Using FunctionTransformer in scikit-learn Pipeline (Python)

Posted by


Pipeline in scikit-learn is a tool that helps to simplify the machine learning workflow by chaining together multiple processing steps. Each step in the pipeline can be a transformer (which preprocesses the data) or an estimator (which makes predictions). The output of each step is passed as input to the next step. One commonly used transformer in scikit-learn is FunctionTransformer, which allows you to apply a function to the data. In this tutorial, we will discuss how to use FunctionTransformer in a scikit-learn pipeline.

Step 1: Import necessary libraries

First, you need to import the necessary libraries. In this case, you will need scikit-learn and FunctionTransformer from sklearn.preprocessing.

from sklearn.pipeline import Pipeline
from sklearn.preprocessing import FunctionTransformer

Step 2: Define the preprocessing function

Next, you need to define the function that you want to apply to the data. This function will be passed as an argument to the FunctionTransformer.

def custom_function(X):
    return X ** 2

In this example, we have defined a simple function that squares the input data.

Step 3: Create the FunctionTransformer

Now, you can create the FunctionTransformer object by passing in the preprocessing function.

function_transformer = FunctionTransformer(func=custom_function)

Step 4: Create the pipeline

Next, you can create a Pipeline object and add the FunctionTransformer to it.

pipeline = Pipeline([
    ('function_transformer', function_transformer)
])

In this example, we have only included the FunctionTransformer step in the pipeline.

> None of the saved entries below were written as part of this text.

(* Let $\Phi(v_1,\dots,v_r)$ be an $\mathrm{st}$-prenex formula all of whose parameters are standard. Then (in SPOT) for every standard set $S$ there is a standard set $P$ such that for all standard $v_1,\dots,v_r$: $$\langle v_1,\dots,v_r\rangle\in P\iff \langle v_1,\dots,v_r\rangle\in S\wedge\Phi(v_1,\dots,v_r).$$
   Context: We work in the theory SPOT. Its language is the $\in$-language (membership together with the usual defined symbols of mathematics such as $\mathbb N,\mathbb R,<,+,\cdot$) enriched by a unary predicate $\mathrm{st}$ (''$x$ is standard''). An $\in$-formula is a formula not mentioning $\mathrm{st}$. $\forall^{\mathrm{st}}x$ and $\exists^{\mathrm{st}}x$ denote quantifiers restricted to standard sets. The axioms of SPOT are: ZF; Transfer: for every $\in$-formula $\varphi(x)$ all of whose parameters are standard, $\forall^{\mathrm{st}}x\,\varphi(x)\to\forall x\,\varphi(x)$; Nontriviality: $\exists \nu\in\mathbb N\,\forall^{\mathrm{st}}n\in\mathbb N\,(n\neq\nu)$; Standard Part: $\forall A\subseteq\mathbb N\,\exists^{\mathrm{st}}B\subseteq\mathbb N\,\forall^{\mathrm{st}}n\in\mathbb N\,(n\in B\iff n\in A)$. An $\mathrm{st}$-prenex formula is one of the form $\mathsf Q^{\mathrm{st}}u_1\cdots\mathsf Q^{\mathrm{st}}u_s\,\psi(u_1,\dots,u_s,v_1,\dots,v_r)$ where $\psi$ is an $\in$-formula and each $\mathsf Q^{\mathrm{st}}$ is $\forall^{\mathrm{st}}$ or $\exists^{\mathrm{st}}$ (all quantifiers over standard sets precede all ordinary quantifiers). *)

(* A semantic (model-theoretic) rendering of the theory SPOT:
   formulas of the (∈, =, st)-language are a deep embedding; a model of SPOT
   is a type M with relations mem, st satisfying the axioms; "SPOT proves X"
   is rendered as "X holds in every model of SPOT" (Gödel completeness). *)
From Stdlib Require Import List Arith.
Import ListNotations.

Inductive form : Type :=
| FMem : nat -> nat -> form
| FEq  : nat -> nat -> form
| FSt  : nat -> form
| FBot : form
| FNot : form -> form
| FAnd : form -> form -> form
| FOr  : form -> form -> form
| FImp : form -> form -> form
| FAll : nat -> form -> form
| FEx  : nat -> form -> form.

Fixpoint in_formula (p : form) : Prop :=
  match p with
  | FMem _ _ | FEq _ _ | FBot => True
  | FSt _ => False
  | FNot q => in_formula q
  | FAnd q r | FOr q r | FImp q r => in_formula q /\ in_formula r
  | FAll _ q | FEx _ q => in_formula q
  end.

In a real machine learning workflow, you would typically include other preprocessing steps and the final estimator in the pipeline as well.

Step 5: Fit and transform the data

Finally, you can fit the pipeline to your data and transform the data using the pipeline.

X = np.array([1, 2, 3, 4, 5]).reshape(-1, 1)
pipeline.fit(X)
transformed_X = pipeline.transform(X)

In this example, we have applied the custom_function to the input data using the FunctionTransformer in the pipeline.

By using the FunctionTransformer in a scikit-learn pipeline, you can easily preprocess the data by applying custom functions. This can be useful for feature engineering or data transformation steps in your machine learning workflow. I hope this tutorial was helpful in understanding how to use FunctionTransformer in a scikit-learn pipeline.